Genel Energy Plc, the biggest oil producer in Kurdistan, plans to start acquisition talks with Norway’s DNO International ASA (DNO) as soon as its merger with ex-BP Plc chief Tony Hayward’s Vallares Plc is completed.
“We have a serious amount of cash in our coffers and DNO is already our natural partner in northern Iraq,” Genel’s President Mehmet Sepil said today in a telephone interview from Ankara. “We can start official talks after our listing.”
DNO, the first foreign company to begin pumping oil in Iraq since the 1970s, surged to a seven-month high in Oslo trading. Prospects for drilling in Kurdistan, home to about 40 percent of Iraq’s 115 billion barrels of reserves, have been boosted by reports that Baghdad has resolved a dispute with the Kurdish regional government over how to share oil revenue. Exxon Mobil Corp. (XOM) signed an exploration accord with the Kurds last week.
“Genel is DNO’s best peer,” said Teodor Nilsen, an analyst at Oslo-based First Securities ASA. “They have comparable assets. A combined DNO, Genel would definitely make sense.”
DNO agreed in September to merge with the petroleum units of RAK Petroleum PCL, its largest shareholder, in a deal valuing it at $1.64 billion and the RAK units at $250 million.
“It’s of course nice to hear that people like DNO and appreciate what we’re doing,” said Tom Bratlie, a company spokesman. “But that kind of speculation is impossible for me to comment on,” he said. “As you know DNO has just decided the merger with RAK and that is our key focus at the moment.”
Genel plans to start acquisition talks with DNO after its shares are listed in London, which could take place as early as next week, and DNO completes its merger with the RAK units, Sepil said.

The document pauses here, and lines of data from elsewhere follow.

Lemma iotaA_wordC s : iotaA (wordC CC s) = \prod_(i <- s) iota_letter i.
Proof. by rewrite iotaA_lift malg_lift_wordC. Qed.

Lemma iotaA1 : iotaA 1 = 1.
Proof. by rewrite -(wordC_nil CC) iotaA_wordC big_nil. Qed.

Lemma iotaA_letter u : iotaA (wordC CC [:: u]) = iota_letter u.
Proof. by rewrite iotaA_wordC big_seq1. Qed.

Lemma iotaA_wordC_rcons s u :
  iotaA (wordC CC (rcons s u)) = iotaA (wordC CC s) * iotaA (wordC CC [:: u]).
Proof. by rewrite wordC_rcons iotaAM. Qed.

Lemma iota_letter0 : iota_letter 0 = 0.
Proof. by []. Qed.

Lemma iota_letterS k : iota_letter k.+1 = wordC rat [:: k].
Proof. by []. Qed.

Lemma iotaA_circ_h0l v : iotaA (circ_h 0 v) = 0.
Proof. by rewrite /circ_h /= iotaAZ hornerX scale0r. Qed.

Lemma iotaA_circ_h0r u : iotaA (circ_h u 0) = 0.
Proof. by rewrite /circ_h orbT iotaAZ hornerX scale0r. Qed.

Lemma iotaA_circ_hS u v : iotaA (circ_h u.+1 v.+1) = wordC rat [:: (u + v).+1].
Proof. by rewrite /circ_h /= iotaA_letter addSn iota_letterS addnS. Qed.

Lemma harm_mul_iotaA_letter u v X Y :
  harm (X * iotaA (wordC CC [:: u])) (Y * iotaA (wordC CC [:: v])) =
  harm X (Y * iotaA (wordC CC [:: v])) * iotaA (wordC CC [:: u])
  + harm (X * iotaA (wordC CC [:: u])) Y * iotaA (wordC CC [:: v])
  + harm X Y * iotaA (circ_h u v).
Proof.
rewrite !iotaA_letter.
case: u => [|u]; last case: v => [|v]; last by rewrite !iota_letterS iotaA_circ_hS harm_mul.
(* Generalizing [harm] keeps the failed matches of [rewrite] from unfolding it. *)
- rewrite iota_letter0 iotaA_circ_h0l.
  move: (bilinear0l harm_bilinear) (iota_letter v); move: harm => H H0 l.
  by rewrite !mulr0 !H0 mul0r !addr0.
rewrite iota_letter0 iotaA_circ_h0r.
move: (bilinear0r harm_bilinear) (iota_letter u.+1); move: harm => H H0 l.
by rewrite !mulr0 !H0 mul0r !addr0.
Qed.

Lemma morph_harmonic_step (U V : pzRingType) (io : U -> V) (hU : U -> U -> U)
    (hV : V -> V -> V) (X Y Xa Yb a b c : U) :
  {morph io : x y / x + y} -> {morph io : x y / x * y} ->
  io Xa = io X * io a -> io Yb = io Y * io b ->
  hU Xa Yb = hU X Yb * a + hU Xa Y * b + hU X Y * c ->
  hV (io X * io a) (io Y * io b) =
    hV (io X) (io Y * io b) * io a + hV (io X * io a) (io Y) * io b + hV (io X) (io Y) * io c ->
  io (hU X Yb) = hV (io X) (io Yb) -> io (hU Xa Y) = hV (io Xa) (io Y) ->
  io (hU X Y) = hV (io X) (io Y) -> io (hU Xa Yb) = hV (io Xa) (io Yb).
Proof.
move=> ioD ioM ioXa ioYb hU_rec hV_rec e1 e2 e3.
by rewrite hU_rec !ioD !ioM e1 e2 e3 ioXa ioYb hV_rec.
Qed.

Lemma iotaA_harm_h_wordC s t :
  iotaA (harm_h (wordC CC s) (wordC CC t)) = harm (iotaA (wordC CC s)) (iotaA (wordC CC t)).
Proof.
elim/last_ind: s t => [|s u IHs] t; first by rewrite wordC_nil harm_h1l iotaA1 harm1l.
elim/last_ind: t => [|t v IHt]; first by rewrite wordC_nil harm_h1r iotaA1 harm1r.
exact: (morph_harmonic_step iotaAD iotaAM (iotaA_wordC_rcons s u) (iotaA_wordC_rcons t v)
  (harm_h_rcons s t u v) (harm_mul_iotaA_letter u v _ _) (IHs _) IHt (IHs _)).
Qed.

Lemma iotaA_harm_h w w' : iotaA (harm_h w w') = harm (iotaA w) (iotaA w').
Proof.
exact: (@transfer_wordC_ext _ _ _ _ _ (fun p => p) harm_h iotaA (fun c => c.[0]) harm
  (@id_linear _ _) harm_h_bilinear harm_bilinear iotaAD iotaAZ iotaA_harm_h_wordC).
Qed.

Lemma embA_lift : embA =1 malg_lift idfun (fun s => \prod_(i <- s) embA_letter i).
Proof. by []. Qed.

Lemma embA_linear : linear embA.
Proof. by move=> c p q; rewrite !embA_lift malg_lift_linear. Qed.

Lemma embAD : {morph embA : p q / p + q}.
Proof. exact: (GRing.semilinear_linear embA_linear).2. Qed.

Lemma embAZ c p : embA (c *: p) = c *: embA p.
Proof. exact: (scalable_linear embA_linear). Qed.

Lemma embAM : {morph embA : p q / p * q}.
Proof. by move=> p q; rewrite !embA_lift malg_lift_prodM. Qed.

Lemma embA_wordC s : embA (wordC CC s) = Aword wa wb hbar s.
Proof.
rewrite embA_lift malg_lift_wordC; apply: eq_bigr => -[|k] _ //.
have -> : embA_letter k.+1 = wordC CC (lb :: nseq k.+1 la) by [].
by rewrite wordC_cons wordC_nseq.
Qed.

Lemma embA_image_sh_h w w' : exists W, embA W = sh_h (embA w) (embA w').
Proof.
pose A X := exists W, embA W = X.
have AD X Y : A X -> A Y -> A (X + Y) by move=> [W1 <-] [W2 <-]; exists (W1 + W2); rewrite embAD.
have AZ c X : A X -> A (c *: X) by move=> [W <-]; exists (c *: W); rewrite embAZ.
apply: (closed_wordC_ext embA_linear sh_h_bilinear AD AZ) => s t; rewrite !embA_wordC.
apply: (closed_sh_Aword (@malg_scalerAr _ _) sh_h_bilinear sh_h1l sh_h1r sh_h_mulbl sh_h_mulbr
  sh_h_mulaa (A := A)) => // [|i _ [W <-]].
  by exists 1; rewrite -(wordC_nil CC) embA_wordC Aword_nil.
by exists (W * wordC CC [:: i]); rewrite embAM embA_wordC /Aword big_seq1.
Qed.

(* theta kills hbar and, reading words right to left (as [rev] does in the
   definitions), sends a product of blocks b a^(k+1) to the product of the y x^k;
   every other word goes to 0. *)
Fixpoint theta_rev (s : seq bool) : hh :=
  match s with
  | [::] => 1
  | false :: s' =>
      match s' with
      | false :: _ => theta_rev s' * wx
      | true :: s'' => theta_rev s'' * wy
      | [::] => 0
      end
  | true :: _ => 0
  end.

Definition theta : HH -> hh := malg_lift (horner_eval 0) (fun s => theta_rev (rev s)).

Lemma thetaD : {morph theta : p q / p + q}.
Proof. exact: malg_liftD. Qed.

Lemma thetaZ c p : theta (c *: p) = c.[0] *: theta p.
Proof. exact: malg_liftZ. Qed.

Lemma theta_hbar p : theta (hbar *: p) = 0.
Proof. by rewrite thetaZ hornerX scale0r. Qed.

Lemma theta1 : theta 1 = 1.
Proof. by rewrite -(wordC_nil CC) /theta malg_lift_wordC. Qed.

Lemma theta_mulaa P : theta (P * wa * wa) = theta (P * wa) * wx.
Proof.
rewrite -mulrA -wordC_cat /theta [in RHS]malg_lift_mulr_wordC.
by apply: malg_lift_mulrW => s; rewrite !rev_cat.
Qed.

Vallares, the investment vehicle led by Hayward, announced the $2.1 billion reverse takeover of Ankara-based Genel in September. The deal leaves both companies with equal stakes in the new venture, which is targeting northern Iraq, a region described by Hayward as “one of the last great oil and gas frontiers.”
Genel Energy has stakes in six oilfields in northern Iraq, which is controlled by the Kurdistan Regional Government, and is producing oil in two of them. It says those interests amount to a potential 356 million barrels of proven reserves. Genel and DNO are partners in the region’s Tawke and Dohuk fields.
“It’s definitely potentially a good strategic fit and would make it a unique dominant Kurdish player in one of the last great regions,” said Trond Omdal, an analyst at Arctic Securities ASA.
DNO jumped 7.3 percent to 8.845 kroner at the close of trading in Oslo, the highest since April.
Genel Energy will use its $2.1 billion in cash on acquisitions and developing existing fields, Hayward said Sept. 8. It will allocate one-third of the cash to accelerate development of its six oilfields in the Kurdistan region of Iraq, he said. An equal amount will be spent on acquisitions of some of the 41 oil companies operating in the region.
Genel will start building a pipeline in February to connect its Taq Taq oilfield, south of the regional capital Erbil, to a pumping station near the Turkish border, Sepil said. From there, it could feed into the existing pipeline from Kirkuk in Iraq to Turkey’s Ceyhan terminal on the Mediterranean.
The 24-inch line will run 255 kilometers (160 miles) with a capacity of more than 400,000 barrels a day, and will cost as much as $450 million, Sepil said. “We are hoping that the pipeline will become operational within 15 to 18 months of the start of construction,” he said.
Taq Taq, in which Addax Petroleum Corp has 36 percent and Kepco of South Korea 20 percent, will have a capacity of 120,000 barrels a day by February compared with 90,000 now, Sepil said. Output at Tawke is currently 75,000 barrels a day, he said.